---------- Provided records ----------
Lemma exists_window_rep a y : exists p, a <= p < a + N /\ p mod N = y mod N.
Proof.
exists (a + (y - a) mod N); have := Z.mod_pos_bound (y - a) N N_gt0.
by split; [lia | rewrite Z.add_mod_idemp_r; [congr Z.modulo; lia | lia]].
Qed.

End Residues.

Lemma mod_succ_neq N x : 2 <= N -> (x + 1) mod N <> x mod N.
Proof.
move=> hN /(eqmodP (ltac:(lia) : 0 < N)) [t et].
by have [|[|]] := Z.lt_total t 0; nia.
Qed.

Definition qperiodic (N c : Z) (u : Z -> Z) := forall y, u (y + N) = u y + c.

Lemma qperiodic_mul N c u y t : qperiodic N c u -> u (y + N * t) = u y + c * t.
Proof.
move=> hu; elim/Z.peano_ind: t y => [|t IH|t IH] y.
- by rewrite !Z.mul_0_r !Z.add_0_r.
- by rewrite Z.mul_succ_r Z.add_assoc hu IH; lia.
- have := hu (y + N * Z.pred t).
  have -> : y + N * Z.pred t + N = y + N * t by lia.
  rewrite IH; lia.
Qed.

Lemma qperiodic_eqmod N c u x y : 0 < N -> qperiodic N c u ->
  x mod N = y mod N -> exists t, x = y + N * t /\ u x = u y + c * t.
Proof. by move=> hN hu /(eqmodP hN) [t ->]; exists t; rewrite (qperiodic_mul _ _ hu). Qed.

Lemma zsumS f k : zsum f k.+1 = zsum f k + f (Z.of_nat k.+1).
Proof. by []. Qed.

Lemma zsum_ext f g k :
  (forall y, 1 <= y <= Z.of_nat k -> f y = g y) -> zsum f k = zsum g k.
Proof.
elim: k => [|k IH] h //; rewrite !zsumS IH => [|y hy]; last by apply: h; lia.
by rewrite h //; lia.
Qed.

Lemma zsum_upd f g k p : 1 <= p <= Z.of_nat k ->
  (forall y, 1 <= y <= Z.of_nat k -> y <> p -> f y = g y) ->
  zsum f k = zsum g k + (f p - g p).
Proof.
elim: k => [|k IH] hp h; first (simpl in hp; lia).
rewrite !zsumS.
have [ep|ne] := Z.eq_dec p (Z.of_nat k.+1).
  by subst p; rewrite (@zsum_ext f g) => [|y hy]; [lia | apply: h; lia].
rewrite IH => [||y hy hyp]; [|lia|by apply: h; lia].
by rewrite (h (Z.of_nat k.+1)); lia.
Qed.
----------
---------- Provided records ----------
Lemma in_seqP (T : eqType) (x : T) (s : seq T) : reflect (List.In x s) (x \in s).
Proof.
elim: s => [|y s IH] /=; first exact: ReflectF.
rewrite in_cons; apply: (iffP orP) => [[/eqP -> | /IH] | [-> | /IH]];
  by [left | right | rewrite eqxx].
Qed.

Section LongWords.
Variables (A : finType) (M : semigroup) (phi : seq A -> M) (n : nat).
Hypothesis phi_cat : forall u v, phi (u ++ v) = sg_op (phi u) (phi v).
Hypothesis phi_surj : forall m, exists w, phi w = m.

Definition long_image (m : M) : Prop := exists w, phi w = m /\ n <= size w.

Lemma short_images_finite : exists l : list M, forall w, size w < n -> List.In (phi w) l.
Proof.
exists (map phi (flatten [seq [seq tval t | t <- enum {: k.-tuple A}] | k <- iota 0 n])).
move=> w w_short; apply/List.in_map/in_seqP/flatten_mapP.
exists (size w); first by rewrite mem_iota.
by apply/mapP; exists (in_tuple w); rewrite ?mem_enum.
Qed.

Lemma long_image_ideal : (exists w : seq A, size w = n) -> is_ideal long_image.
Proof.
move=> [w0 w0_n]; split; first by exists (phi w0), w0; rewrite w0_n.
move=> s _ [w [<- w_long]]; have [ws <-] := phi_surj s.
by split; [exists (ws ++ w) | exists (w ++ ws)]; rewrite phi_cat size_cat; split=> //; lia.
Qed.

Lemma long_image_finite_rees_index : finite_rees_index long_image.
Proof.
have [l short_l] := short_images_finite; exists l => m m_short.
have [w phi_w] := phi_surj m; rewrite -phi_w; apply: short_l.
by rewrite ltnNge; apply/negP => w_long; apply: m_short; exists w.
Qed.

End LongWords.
----------
---------- Provided records ----------
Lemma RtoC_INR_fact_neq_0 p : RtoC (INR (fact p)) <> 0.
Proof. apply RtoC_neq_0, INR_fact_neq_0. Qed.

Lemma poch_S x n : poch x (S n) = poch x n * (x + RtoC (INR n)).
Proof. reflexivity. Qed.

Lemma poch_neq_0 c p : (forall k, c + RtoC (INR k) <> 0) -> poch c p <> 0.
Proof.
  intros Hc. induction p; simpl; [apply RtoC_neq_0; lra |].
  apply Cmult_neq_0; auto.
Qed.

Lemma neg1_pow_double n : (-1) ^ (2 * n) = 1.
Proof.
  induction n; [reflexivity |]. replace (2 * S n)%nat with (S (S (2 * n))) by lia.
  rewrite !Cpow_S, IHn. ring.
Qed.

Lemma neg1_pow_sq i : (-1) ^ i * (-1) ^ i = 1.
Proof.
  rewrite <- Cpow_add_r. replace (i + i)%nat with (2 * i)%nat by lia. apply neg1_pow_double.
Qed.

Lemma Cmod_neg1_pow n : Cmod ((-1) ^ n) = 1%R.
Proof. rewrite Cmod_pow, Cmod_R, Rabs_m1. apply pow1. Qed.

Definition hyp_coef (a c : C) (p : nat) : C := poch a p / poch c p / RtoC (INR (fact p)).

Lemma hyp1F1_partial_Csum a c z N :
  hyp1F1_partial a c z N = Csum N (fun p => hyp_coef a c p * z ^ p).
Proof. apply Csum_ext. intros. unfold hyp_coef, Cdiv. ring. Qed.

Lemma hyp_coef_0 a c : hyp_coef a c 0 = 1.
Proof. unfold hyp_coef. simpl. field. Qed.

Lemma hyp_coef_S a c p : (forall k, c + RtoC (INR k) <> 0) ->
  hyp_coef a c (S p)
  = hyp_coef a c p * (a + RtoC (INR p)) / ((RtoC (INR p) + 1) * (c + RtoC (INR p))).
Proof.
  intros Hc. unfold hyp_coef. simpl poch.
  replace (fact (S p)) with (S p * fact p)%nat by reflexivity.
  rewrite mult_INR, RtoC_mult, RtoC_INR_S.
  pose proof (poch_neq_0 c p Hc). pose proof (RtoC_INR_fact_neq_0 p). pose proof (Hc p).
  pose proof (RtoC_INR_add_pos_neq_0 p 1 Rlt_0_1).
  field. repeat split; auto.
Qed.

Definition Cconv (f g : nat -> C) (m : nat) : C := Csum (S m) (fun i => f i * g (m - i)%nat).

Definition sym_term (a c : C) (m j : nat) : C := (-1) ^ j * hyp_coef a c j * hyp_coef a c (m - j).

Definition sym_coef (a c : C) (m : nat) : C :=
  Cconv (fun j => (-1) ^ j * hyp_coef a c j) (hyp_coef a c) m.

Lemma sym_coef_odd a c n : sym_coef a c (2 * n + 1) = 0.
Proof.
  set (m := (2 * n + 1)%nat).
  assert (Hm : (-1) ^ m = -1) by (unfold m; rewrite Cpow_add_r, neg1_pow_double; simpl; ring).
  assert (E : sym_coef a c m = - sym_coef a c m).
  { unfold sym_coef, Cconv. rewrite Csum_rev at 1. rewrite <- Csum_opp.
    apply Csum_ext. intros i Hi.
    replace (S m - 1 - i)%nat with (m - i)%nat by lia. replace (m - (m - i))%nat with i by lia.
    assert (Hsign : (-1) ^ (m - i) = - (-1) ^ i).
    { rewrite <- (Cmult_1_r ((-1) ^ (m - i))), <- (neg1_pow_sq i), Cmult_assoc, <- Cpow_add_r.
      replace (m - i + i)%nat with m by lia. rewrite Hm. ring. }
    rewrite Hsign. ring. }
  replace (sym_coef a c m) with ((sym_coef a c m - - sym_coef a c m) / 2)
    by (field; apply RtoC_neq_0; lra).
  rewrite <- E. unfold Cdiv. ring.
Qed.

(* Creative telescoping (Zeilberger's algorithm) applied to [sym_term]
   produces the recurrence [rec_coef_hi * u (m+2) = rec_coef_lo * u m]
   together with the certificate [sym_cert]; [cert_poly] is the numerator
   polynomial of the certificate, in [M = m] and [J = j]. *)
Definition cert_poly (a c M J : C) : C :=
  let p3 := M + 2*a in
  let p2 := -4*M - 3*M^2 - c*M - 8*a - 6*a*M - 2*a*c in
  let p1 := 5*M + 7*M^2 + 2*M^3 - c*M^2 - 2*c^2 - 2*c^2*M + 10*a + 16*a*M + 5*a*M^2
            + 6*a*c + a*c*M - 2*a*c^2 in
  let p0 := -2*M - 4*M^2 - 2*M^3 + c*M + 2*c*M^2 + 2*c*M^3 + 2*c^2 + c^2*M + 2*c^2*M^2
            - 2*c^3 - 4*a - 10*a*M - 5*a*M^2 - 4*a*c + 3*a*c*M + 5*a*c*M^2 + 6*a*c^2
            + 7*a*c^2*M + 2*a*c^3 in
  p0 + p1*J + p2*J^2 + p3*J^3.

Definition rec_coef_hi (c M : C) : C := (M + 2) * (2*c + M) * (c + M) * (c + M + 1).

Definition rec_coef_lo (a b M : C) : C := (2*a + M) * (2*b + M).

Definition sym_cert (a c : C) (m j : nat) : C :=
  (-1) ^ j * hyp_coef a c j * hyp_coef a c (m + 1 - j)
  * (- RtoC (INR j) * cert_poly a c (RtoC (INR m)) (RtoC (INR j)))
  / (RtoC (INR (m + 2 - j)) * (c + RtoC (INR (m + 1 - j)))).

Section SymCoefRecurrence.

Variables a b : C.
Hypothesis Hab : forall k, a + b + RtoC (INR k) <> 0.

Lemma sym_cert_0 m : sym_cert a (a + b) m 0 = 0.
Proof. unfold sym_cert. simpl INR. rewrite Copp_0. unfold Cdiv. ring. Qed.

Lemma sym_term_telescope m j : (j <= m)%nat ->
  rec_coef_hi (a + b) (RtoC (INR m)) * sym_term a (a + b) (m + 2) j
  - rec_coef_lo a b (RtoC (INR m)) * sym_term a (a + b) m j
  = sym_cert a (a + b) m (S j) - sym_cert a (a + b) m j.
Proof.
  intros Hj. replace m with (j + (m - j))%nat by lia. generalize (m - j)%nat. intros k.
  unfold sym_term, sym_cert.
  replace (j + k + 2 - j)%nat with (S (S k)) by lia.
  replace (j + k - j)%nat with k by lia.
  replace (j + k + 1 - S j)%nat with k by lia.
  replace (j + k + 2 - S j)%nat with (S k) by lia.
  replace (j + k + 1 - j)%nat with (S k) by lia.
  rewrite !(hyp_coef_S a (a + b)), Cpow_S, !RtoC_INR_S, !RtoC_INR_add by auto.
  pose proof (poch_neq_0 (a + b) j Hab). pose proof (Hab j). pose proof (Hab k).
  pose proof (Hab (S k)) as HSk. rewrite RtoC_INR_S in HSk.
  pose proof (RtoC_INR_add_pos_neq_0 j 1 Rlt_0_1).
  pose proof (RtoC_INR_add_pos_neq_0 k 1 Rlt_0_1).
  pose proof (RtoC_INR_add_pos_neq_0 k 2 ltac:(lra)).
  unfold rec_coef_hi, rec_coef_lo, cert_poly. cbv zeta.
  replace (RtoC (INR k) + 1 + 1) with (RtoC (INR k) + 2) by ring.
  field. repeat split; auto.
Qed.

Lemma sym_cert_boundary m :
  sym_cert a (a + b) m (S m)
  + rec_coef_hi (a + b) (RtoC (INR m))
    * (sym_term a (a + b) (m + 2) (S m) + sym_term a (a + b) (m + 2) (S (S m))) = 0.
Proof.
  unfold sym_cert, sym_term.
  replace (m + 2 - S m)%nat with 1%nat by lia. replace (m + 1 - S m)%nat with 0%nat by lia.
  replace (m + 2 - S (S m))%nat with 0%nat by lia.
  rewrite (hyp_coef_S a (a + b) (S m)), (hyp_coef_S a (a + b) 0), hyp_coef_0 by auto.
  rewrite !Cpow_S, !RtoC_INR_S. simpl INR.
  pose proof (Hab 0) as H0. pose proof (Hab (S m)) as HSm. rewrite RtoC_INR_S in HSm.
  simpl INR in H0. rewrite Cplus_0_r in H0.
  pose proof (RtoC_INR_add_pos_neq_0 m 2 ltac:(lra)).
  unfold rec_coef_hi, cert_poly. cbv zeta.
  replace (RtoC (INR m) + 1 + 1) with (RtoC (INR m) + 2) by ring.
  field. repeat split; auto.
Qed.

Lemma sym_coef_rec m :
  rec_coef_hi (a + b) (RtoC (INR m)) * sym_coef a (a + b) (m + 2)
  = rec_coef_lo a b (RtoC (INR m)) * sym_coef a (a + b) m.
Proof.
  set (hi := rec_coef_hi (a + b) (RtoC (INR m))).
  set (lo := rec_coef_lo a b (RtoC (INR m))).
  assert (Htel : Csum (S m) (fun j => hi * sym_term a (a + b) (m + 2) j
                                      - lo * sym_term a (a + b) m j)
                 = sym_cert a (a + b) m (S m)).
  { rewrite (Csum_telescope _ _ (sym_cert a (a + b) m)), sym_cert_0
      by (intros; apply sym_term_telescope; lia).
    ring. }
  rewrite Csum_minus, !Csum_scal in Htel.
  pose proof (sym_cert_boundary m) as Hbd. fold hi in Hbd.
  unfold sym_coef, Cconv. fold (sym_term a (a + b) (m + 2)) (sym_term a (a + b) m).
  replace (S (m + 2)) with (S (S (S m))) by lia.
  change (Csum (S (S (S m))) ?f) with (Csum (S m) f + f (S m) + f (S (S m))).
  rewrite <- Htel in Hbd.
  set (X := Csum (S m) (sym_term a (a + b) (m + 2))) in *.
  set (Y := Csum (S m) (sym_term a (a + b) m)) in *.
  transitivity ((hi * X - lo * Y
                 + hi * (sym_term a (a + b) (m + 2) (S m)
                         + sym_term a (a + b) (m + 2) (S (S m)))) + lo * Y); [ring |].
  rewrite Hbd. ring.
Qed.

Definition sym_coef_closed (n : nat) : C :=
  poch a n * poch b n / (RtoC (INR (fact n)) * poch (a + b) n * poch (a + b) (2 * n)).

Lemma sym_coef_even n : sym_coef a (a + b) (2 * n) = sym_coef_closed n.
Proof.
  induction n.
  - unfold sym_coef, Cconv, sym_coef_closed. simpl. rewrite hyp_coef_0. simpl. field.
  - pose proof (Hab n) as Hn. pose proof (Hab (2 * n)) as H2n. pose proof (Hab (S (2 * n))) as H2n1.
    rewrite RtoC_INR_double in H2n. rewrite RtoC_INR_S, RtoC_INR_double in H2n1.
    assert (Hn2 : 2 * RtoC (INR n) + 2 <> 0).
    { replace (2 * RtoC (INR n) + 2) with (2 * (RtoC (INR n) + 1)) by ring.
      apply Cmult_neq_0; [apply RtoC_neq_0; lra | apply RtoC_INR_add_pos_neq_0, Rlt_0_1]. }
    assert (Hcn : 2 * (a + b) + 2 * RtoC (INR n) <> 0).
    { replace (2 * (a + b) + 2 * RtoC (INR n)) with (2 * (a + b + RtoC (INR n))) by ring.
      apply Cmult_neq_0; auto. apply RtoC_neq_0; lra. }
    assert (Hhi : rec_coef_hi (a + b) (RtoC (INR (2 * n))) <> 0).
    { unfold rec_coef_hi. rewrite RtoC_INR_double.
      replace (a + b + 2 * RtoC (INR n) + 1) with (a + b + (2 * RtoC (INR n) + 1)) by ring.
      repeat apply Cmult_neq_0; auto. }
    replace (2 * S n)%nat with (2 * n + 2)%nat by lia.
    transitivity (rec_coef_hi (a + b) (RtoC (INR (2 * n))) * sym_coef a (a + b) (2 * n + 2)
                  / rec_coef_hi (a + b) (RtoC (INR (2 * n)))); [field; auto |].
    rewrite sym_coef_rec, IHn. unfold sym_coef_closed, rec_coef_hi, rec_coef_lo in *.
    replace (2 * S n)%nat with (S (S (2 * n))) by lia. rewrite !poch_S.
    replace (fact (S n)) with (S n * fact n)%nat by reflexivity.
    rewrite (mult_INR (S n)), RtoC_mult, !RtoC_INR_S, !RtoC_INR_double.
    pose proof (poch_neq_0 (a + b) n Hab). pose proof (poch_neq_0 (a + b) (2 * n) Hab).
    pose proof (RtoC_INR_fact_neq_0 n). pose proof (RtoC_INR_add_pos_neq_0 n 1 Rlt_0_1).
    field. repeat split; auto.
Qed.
----------
_What to produce_
Among the lines of the material, find those holding the word "zsumS" and return them.

_Answer box_
Lemma zsumS f k : zsum f k.+1 = zsum f k + f (Z.of_nat k.+1).
elim: k => [|k IH] h //; rewrite !zsumS IH => [|y hy]; last by apply: h; lia.
rewrite !zsumS.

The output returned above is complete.